Alex - stock.adobe.com
Lessons learned from CrowdStrike's automation errors
After the recent CrowdStrike outage, organizations are keen to prevent and prepare for potential future disruptions. These key security and quality lessons can help.
The initial confusion has cleared since CrowdStrike's software caused a Windows system outage on July 19, 2024.
Since then, enough time has passed that a retrospective could be valuable, not just for CrowdStrike, but for the greater software community. In this article, we cover what happened, why, who was impacted and what your organization might be able to learn from this incident.
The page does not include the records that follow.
End StableFocus.

Section Companion.
Variable R : realType.

Lemma complex_Re_sum n (F : 'I_n -> R[i]) :
  complex.Re (\sum_i F i) = \sum_i complex.Re (F i).
Proof. exact: (raddf_sum (@complex.Re R : Rcomplex R -> R)). Qed.

Lemma complex_Im_sum n (F : 'I_n -> R[i]) :
  complex.Im (\sum_i F i) = \sum_i complex.Im (F i).
Proof. exact: (raddf_sum (@complex.Im R : Rcomplex R -> R)). Qed.

Lemma complex_ReM (x y : R[i]) :
  complex.Re (x * y) = complex.Re x * complex.Re y - complex.Im x * complex.Im y.
Proof. by case: x y => [a b] [c d]. Qed.

Lemma complex_ImM (x y : R[i]) :
  complex.Im (x * y) = complex.Re x * complex.Im y + complex.Im x * complex.Re y.
Proof. by case: x y => [a b] [c d]. Qed.

Variables (m : nat) (bt : 'cV[R]_m).

Lemma bpoly_rootE (r : R[i]) : root (map_poly (real_complex R) (bpoly bt)) r ->
  r ^+ m + \sum_(i < m) (bt i 0)%:C%C * r ^+ (m - i.+1) = 0.
Proof.
move/rootP; rewrite /bpoly rmorphD /= rmorph_sum /= hornerD horner_sum.
rewrite map_polyXn hornerXn => h; rewrite -[RHS]h; congr (_ + _); apply: eq_bigr => i _.
by rewrite rmorphM /= map_polyC map_polyXn hornerM hornerC hornerXn.
Qed.

(* [(r^(m-1), ..., r, 1)] is a left eigenvector of the companion matrix [Fmat bt]. *)
Lemma Fmat_left_eigen (r : R[i]) : root (map_poly (real_complex R) (bpoly bt)) r ->
  forall j : 'I_m,
  \sum_(i < m) r ^+ (m - i.+1) * (Fmat bt i j)%:C%C = r * r ^+ (m - j.+1).
Proof.
move=> /bpoly_rootE r_root j; have jm := ltn_ord j.
have [j0|j_neq0] := eqVneq (j : nat) 0.
  under eq_bigr do rewrite mxE j0 eqxx.
  have -> : r * r ^+ (m - j.+1) = r ^+ m.
    by rewrite j0 -exprS subn1 prednK // (leq_ltn_trans _ jm).
  have -> : r ^+ m = - \sum_(i < m) (bt i 0)%:C%C * r ^+ (m - i.+1).
    by apply/eqP; rewrite -addr_eq0 r_root.
  by rewrite -sumrN; apply: eq_bigr => i _; rewrite rmorphN /= mulrN mulrC.
under eq_bigr do rewrite mxE (negbTE j_neq0).
have jp : (j.-1 < m)%N by rewrite (leq_ltn_trans _ jm) // leq_pred.
rewrite (bigD1 (Ordinal jp)) //= big1 ?addr0; last first.
  move=> i /eqP i_neq; have [e|] := eqVneq (j : nat) i.+1; last by rewrite mulr0.
  by case: i_neq; apply: val_inj => /=; rewrite e.
rewrite prednK ?lt0n // eqxx mulr1 -exprS.
by congr (_ ^+ _); rewrite -subSn // prednK ?lt0n // subSS.
Qed.

Definition mode_re (r : R[i]) : 'rV[R]_m := \row_i complex.Re (r ^+ (m - i.+1)).
Definition mode_im (r : R[i]) : 'rV[R]_m := \row_i complex.Im (r ^+ (m - i.+1)).

Lemma mode_re_Fmat (r : R[i]) : root (map_poly (real_complex R) (bpoly bt)) r ->
  mode_re r *m Fmat bt = complex.Re r *: mode_re r - complex.Im r *: mode_im r.
Proof.
move=> r_root; apply/rowP => j; rewrite !mxE.
have := congr1 (@complex.Re R) (Fmat_left_eigen r_root j).
rewrite complex_Re_sum complex_ReM => <-; apply: eq_bigr => i _.
by rewrite !mxE complex_ReM /= mulr0 subr0.
Qed.

Lemma mode_im_Fmat (r : R[i]) : root (map_poly (real_complex R) (bpoly bt)) r ->
  mode_im r *m Fmat bt = complex.Re r *: mode_im r + complex.Im r *: mode_re r.
Proof.
move=> r_root; apply/rowP => j; rewrite !mxE.
have := congr1 (@complex.Im R) (Fmat_left_eigen r_root j).
rewrite complex_Im_sum complex_ImM => <-; apply: eq_bigr => i _.
by rewrite !mxE complex_ImM /= mulr0 add0r.
Qed.

Lemma companion_mode_bounded k (r : R[i]) (b : \bar R) (Y g : R -> 'M[R]_(m, k)) Mg :
  root (map_poly (real_complex R) (bpoly bt)) r -> complex.Re r < 0 ->
  (forall t, 0 <= t -> (t%:E < b)%E -> is_derive t 1 Y (Fmat bt *m Y t + g t)) ->
  (forall t, 0 <= t -> (t%:E < b)%E -> `|g t| <= Mg) ->
  forall c, exists M, forall t, 0 <= t -> (t%:E < b)%E ->
    `|(mode_re r *m Y t) 0 c| <= M /\ `|(mode_im r *m Y t) 0 c| <= M.
Proof.
move=> r_root Re_lt0 dY gMg c.
pose L := m%:R * ((`|mode_re r| + `|mode_im r|) * Mg).
apply: (stable_focus_bounded (A := fun t => (mode_re r *m Y t) 0 c)
  (B := fun t => (mode_im r *m Y t) 0 c) (g1 := fun t => (mode_re r *m g t) 0 c)
  (g2 := fun t => (mode_im r *m g t) 0 c) (be := complex.Im r) (L := L) Re_lt0) => t t0 tb.
have dmode (v : 'rV[R]_m) := is_derive_mx_entry 0 c (is_derive_mulmx v (dY t t0 tb)).
have g_le v : `|v| <= `|mode_re r| + `|mode_im r| -> `|(v *m g t) 0 c| <= L.
  move=> v_le; apply: le_trans (mx_entry_norm_le _ _ _) _.
  apply: le_trans (mulmx_norm_le _ _) _; rewrite ler_wpM2l // ler_pM //.
  exact: gMg.
split.
- apply: is_derive_eq (dmode (mode_re r)) _.
  by rewrite mulmxDr mulmxA (mode_re_Fmat r_root) mulmxBl -!scalemxAl !mxE.
- apply: is_derive_eq (dmode (mode_im r)) _.
  by rewrite mulmxDr mulmxA (mode_im_Fmat r_root) mulmxDl -!scalemxAl !mxE.
- by apply: g_le; rewrite lerDl.
- by apply: g_le; rewrite lerDr.
Qed.

Lemma companion_system_bounded k (rs : seq R[i]) (b : \bar R) (Y g : R -> 'M[R]_(m, k)) :
  size rs = m -> uniq rs -> all (root (map_poly (real_complex R) (bpoly bt))) rs ->
  all (fun r => Re r < 0) rs ->
  (forall t, 0 <= t -> (t%:E < b)%E -> is_derive t 1 Y (Fmat bt *m Y t + g t)) ->
  (exists Mg, forall t, 0 <= t -> (t%:E < b)%E -> `|g t| <= Mg) ->
  exists M, forall t, 0 <= t -> (t%:E < b)%E -> `|Y t| <= M.
Proof.
move=> size_rs uniq_rs roots_rs Re_rs dY [Mg gMg].
pose r (j : 'I_m) := rs`_j.
have r_in j : r j \in rs by rewrite mem_nth // size_rs.
have r_root j : root (map_poly (real_complex R) (bpoly bt)) (r j).
  by move/allP: roots_rs; apply.
have Re_r j : complex.Re (r j) < 0.
  by move/allP: Re_rs => /(_ _ (r_in j)); rewrite -complexRe ltcR.
have modes_bounded (jc : 'I_m * 'I_k) : exists M, forall t, 0 <= t -> (t%:E < b)%E ->
    `|(mode_re (r jc.1) *m Y t) 0 jc.2| <= M /\ `|(mode_im (r jc.1) *m Y t) 0 jc.2| <= M.
  exact: companion_mode_bounded (r_root jc.1) (Re_r jc.1) dY gMg jc.2.
have [Mf hMf] := choice modes_bounded.
pose V := (Vandermonde m (\row_j r j))^T.
have V_unit : V \in unitmx.
  rewrite unitmxE unitfE det_tr det_Vandermonde; apply/prodf_neq0 => i _.
  apply/prodf_neq0 => j ij; rewrite !mxE subr_eq0 nth_uniq ?size_rs //.
  by rewrite neq_ltn ij orbT.
pose W := invmx V.
pose Mp jc := maxr 0 (Mf jc).
have Mp_ge0 jc : 0 <= Mp jc by rewrite le_max lexx.
have term_ge0 i c j : 0 <= (`|complex.Re (W i j)| + `|complex.Im (W i j)|) * Mp (j, c).
  by rewrite mulr_ge0 ?addr_ge0.
exists (\sum_i \sum_c \sum_j (`|complex.Re (W i j)| + `|complex.Im (W i j)|) * Mp (j, c)).
move=> t t0 tb; apply: mx_norm_le_entries => [|i0 c].
  by do 2!(apply: sumr_ge0 => ? _); apply: sumr_ge0.
pose u : 'cV[R[i]]_m := \col_i (Y t (rev_ord i) c)%:C%C.
have Vu j : (V *m u) j 0 = \sum_(l < m) r j ^+ (m - l.+1) * (Y t l c)%:C%C.
  rewrite mxE (reindex_inj rev_ord_inj) /=; apply: eq_bigr => l _.
  by rewrite !mxE rev_ordK.
have Y_entry i : Y t (rev_ord i) c = \sum_j
    (complex.Re (W i j) * (mode_re (r j) *m Y t) 0 c
     - complex.Im (W i j) * (mode_im (r j) *m Y t) 0 c).
  have -> : Y t (rev_ord i) c = complex.Re ((W *m (V *m u)) i 0).
    by rewrite mulmxA mulVmx // mul1mx mxE.
  rewrite mxE complex_Re_sum; apply: eq_bigr => j _.
  rewrite complex_ReM Vu complex_Re_sum complex_Im_sum !mxE.
  congr (_ * _ - _ * _); apply: eq_bigr => l _;
    by rewrite !mxE ?complex_ReM ?complex_ImM /= mulr0 ?subr0 ?add0r.
rewrite -(rev_ordK i0) Y_entry.
apply: le_trans (ler_norm_sum _ _ _) _.
apply: le_trans (ler_sum_term (rev_ord i0) _); last first.
  by move=> i; apply: sumr_ge0 => c' _; apply: sumr_ge0.
apply: le_trans (ler_sum_term c _); last by move=> c'; apply: sumr_ge0.
apply: ler_sum => j _; have [re_le im_le] := hMf (j, c) t t0 tb.
apply: le_trans (ler_normB _ _) _; rewrite !normrM mulrDl lerD // ler_wpM2l //.
- by apply: le_trans re_le _; rewrite le_max lexx orbT.
- by apply: le_trans im_le _; rewrite le_max lexx orbT.
Qed.

End Companion.

Section DesignMatrices.
Variables (R : realType) (m : nat) (bt : 'cV[R]_m).

Lemma firstE (v : 'cV[R]_m.+1) : first v = v 0 0.
Proof.
rewrite /first mxE big_ord_recl big1 ?addr0 => [|j _]; first by rewrite mxE mul1r.
by rewrite mxE mul0r.
Qed.

Lemma bvec00 : bvec bt 0 0 = 1.
Proof.
rewrite /bvec mxE; case: splitP => [i _|i /= e]; first by rewrite ord1 mxE.
by move: e; rewrite add1n.
Qed.

Lemma mulmx_Crow (K v : 'cV[R]_m.+1) : K *m Crow R m *m v = first v *: K.
Proof. by rewrite -mulmxA [Crow R m *m v]mx11_scalar mul_mx_scalar. Qed.

Lemma Gmat_mulE (v : 'cV[R]_(1 + m)) : Gmat bt *m v = dsubmx v - bt *m usubmx v.
Proof.
have := mul_row_col (- bt) (1%:M : 'M[R]_m) (usubmx v) (dsubmx v).
by rewrite vsubmxK mul1mx mulNmx addrC => <-.
Qed.

Lemma Gmat_bvec : Gmat bt *m bvec bt = 0.
Proof. by rewrite Gmat_mulE /bvec col_mxKd col_mxKu mulmx1 subrr. Qed.

Lemma cV_bvec_decomp (v : 'cV[R]_m.+1) :
  v = first v *: bvec bt + Mmat (Gmat bt *m v).
Proof.
apply/colP => i; rewrite Gmat_mulE firstE !mxE.
case: splitP => j i_j; rewrite !mxE.
  have -> : i = 0 by apply: val_inj; rewrite /= i_j (ord1 j).
  by rewrite (ord1 j) mulr1 addr0.
rewrite big_ord_recl big_ord0 addr0 mxE.
have -> : rshift 1 j = i by apply: val_inj.
have -> : lshift m (0 : 'I_1) = 0 by apply: val_inj.
by rewrite (mulrC (v 0 0)) addrC subrK.
Qed.

Lemma Mmat_norm_le k (X : 'M[R]_(m, k)) : `|Mmat X| <= `|X|.
Proof. exact: (@col_mx0_norm_le _ 1). Qed.

Lemma Ash_Mmat_entry (w : 'cV[R]_m) (k : 'I_m.+1) :
  (Ash R m *m Mmat w) k 0 = \sum_(j < m) ((j : nat) == k)%:R * w j 0.
Proof.
rewrite mxE big_ord_recl mxE /= mul0r add0r; apply: eq_bigr => j _.
rewrite !mxE eqSS; congr (_ * _).
case: splitP => [l /= jl|l /= jl]; first by rewrite (ord1 l) in jl.
by congr (w _ 0); apply: val_inj; move: jl; rewrite /bump /= add1n => -[].
Qed.

Lemma Gmat_Ash_Mmat (w : 'cV[R]_m) : Gmat bt *m (Ash R m *m Mmat w) = Fmat bt *m w.
Proof.
apply/colP => i.
have x_d : dsubmx (Ash R m *m Mmat w : 'cV_(1 + m)) i 0 =
    \sum_(j < m) ((j : nat) == i.+1)%:R * w j 0.
  by rewrite [LHS]mxE Ash_Mmat_entry.
have x_u : usubmx (Ash R m *m Mmat w : 'cV_(1 + m)) 0 0 =
    \sum_(j < m) ((j : nat) == 0)%:R * w j 0.
  by rewrite [LHS]mxE (_ : lshift m 0 = 0) ?Ash_Mmat_entry //; apply: val_inj.
rewrite Gmat_mulE [usubmx _]mx11_scalar mul_mx_scalar x_u mxE x_d !mxE.
rewrite mulr_suml -sumrB; apply: eq_bigr => j _; rewrite mxE.
by have [->|_] := eqVneq (j : nat) 0; rewrite ?mul1r ?mul0r ?subr0 // add0r mulrC mulNr.
Qed.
What happened in the CrowdStrike outage?
Antivirus and security software typically needs to run in a privileged mode, something other applications cannot touch. If security software runs with the same security as everything else, then malevolent software could act like a biological virus, finding the security software and overwriting or destroying it.
In a 2009 decision, the EU claimed that Microsoft's antivirus software, Windows Defender, had an unfair, monopoly-like advantage in that it could run in the kernel -- the most privileged and incorruptible memory and disk space. The EU forced Microsoft to allow third-party developers, such as CrowdStrike, to run in the kernel.
CrowdStrike's initial incident report claimed that it was not new code, but a "content update" -- similar to the signature of a virus -- that caused a crash in the software. Because this was running in the kernel, or OS, this exception could not be trapped. Because the software ran on bootup to check for viruses, a simple reboot could not fix the issue. Apple and Linux computers do not run antivirus software in this privileged mode and did not manifest the issue.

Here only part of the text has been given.